Missing from the OPRF coaches’ plea for lights in the stadium was any consideration for the people living across Linden Avenue from those proposed lights. As someone with no personal stake in this issue, it is precisely their view that I believe the village must give disproportionate weight in this decision.

The coaches’ letter made this even clearer to me. Their argument for lights was, well, light. They gave no compelling reasons for the costly investment, and certainly none for the disruption that such a change in the character of this neighborhood with increased evening traffic and illumination would bring. The coaches trotted out a couple clichés: “Why should OPRF student-athletes not also enjoy ‘those things that are best?'” and “We respectfully ask our village to help us compete with other schools on a ‘level playing field.'” Perhaps they would not sound so silly, but I have watched a few softball games between OPRF and Proviso West that makes it very clear that lights have nothing to do with being the best. Or leveling a field.

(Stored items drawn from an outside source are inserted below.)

Lemma gromov_sequence_far_from_points xs y :
  gromov_sequence d p xs -> dist_to_completion_pt (uniformized d p eps) y xs <> 0.
Proof.
  intros Hxs. set (w := exp (- eps * d p y)).
  assert (Hw : 0 < w) by apply exp_pos.
  destruct (exp_neg_lt_eventually eps (w / 2) eps_pos) as [M HM]; [lra|].
  destruct (Hxs M) as [N HN].
  assert (Hlim : w / (2 * eps) <= dist_to_completion_pt (uniformized d p eps) y xs
                 <= 2 * geom_factor eps).
  { apply real_Lim_seq_bounds. exists N. intros k Hk. split.
    - pose proof (weight_drop_le_uniformized d p eps d_metric eps_pos y (xs k) d_geodesic).
      specialize (HN k k Hk Hk). rewrite gromov_product_diag in HN. specialize (HM _ HN).
      apply Rmult_le_reg_l with eps; [exact eps_pos|].
      replace (eps * (w / (2 * eps))) with (w / 2) by (field; lra).
      unfold w in *. lra.
    - pose proof (uniformized_le_gromov_product d p eps d_metric eps_pos y (xs k) d_geodesic).
      assert (exp (- eps * gromov_product d p y (xs k)) <= 1).
      { rewrite <- exp_0. apply exp_le_exp_of_le.
        pose proof (gromov_product_nonneg y (xs k)). nra. }
      pose proof (geom_factor_ge_1 eps eps_pos). nra. }
  assert (0 < w / (2 * eps)) by (apply Rdiv_lt_0_compat; lra).
  lra.
Qed.

End GromovSequences.

Theorem lemma3p1 (X : Type) (d : X -> X -> R) (delta : R) (p : X) (eps : R) :
  gromov_hyperbolic d delta -> 0 < eps ->
  GH_metric_boundary d p eps -> GH_gromov_sequences d p eps.
Proof.
  intros [Hd [_ [_ [_ [Hgeo _]]]]] Heps HGH xs Hxs.
  assert (Hcauchy := gromov_sequence_uniformized_cauchy d p eps Hd Hgeo Heps xs Hxs).
  apply (HGH xs).
  - split; [exact Hcauchy|]. intros y.
    exact (gromov_sequence_far_from_points d p eps Hd Hgeo Heps xs y Hxs).
  - apply cauchy_seq_converges_in_completion; [|exact Hcauchy].
    intros x y. exact (uniformized_nonneg d p eps Hd x y Hgeo).
Qed.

Given the lack of any truly compelling reason for such an innovation, simple standards of justice require that the interests of stadium’s neighbors be given priority. It is clear, if the coaches’ arguments are the best that can be made, that no one will suffer any hardship if lights never shine on the OPRF stadium. Yet I can’t help but think that the neighbors will bear a burden that few of us would want to assume. I, for one, know that I would not want such a thing to happen across the street from my house.

I am also not sure that the true impact is widely known. One local paper reported: “Only varsity football games would be allowed under the lights, and up to two night games for boys’ and girls’ soccer, lacrosse and girls’ field hockey games. The lights would be turned off at 8 p.m.” Yet the coaches’ letter referred to practices, as well, and three or four nights in the Fall when 8 p.m. would not be closing time. How many nights are we talking about over what period? It seems to me likely that every weeknight in October and the first half of November will be candidates for illuminated practice or games.

Now, if I am wrong, and the neighbors agree with the coaches, let them shine–as long as no tax money is used to put them into place or maintain them.

Having said that, I am sure that the booster club could find better ways to spend this money, ways that would not seriously disrupt the lives of neighbors of the high school, and would also truly enhance the lives of the OPRF student-athletes.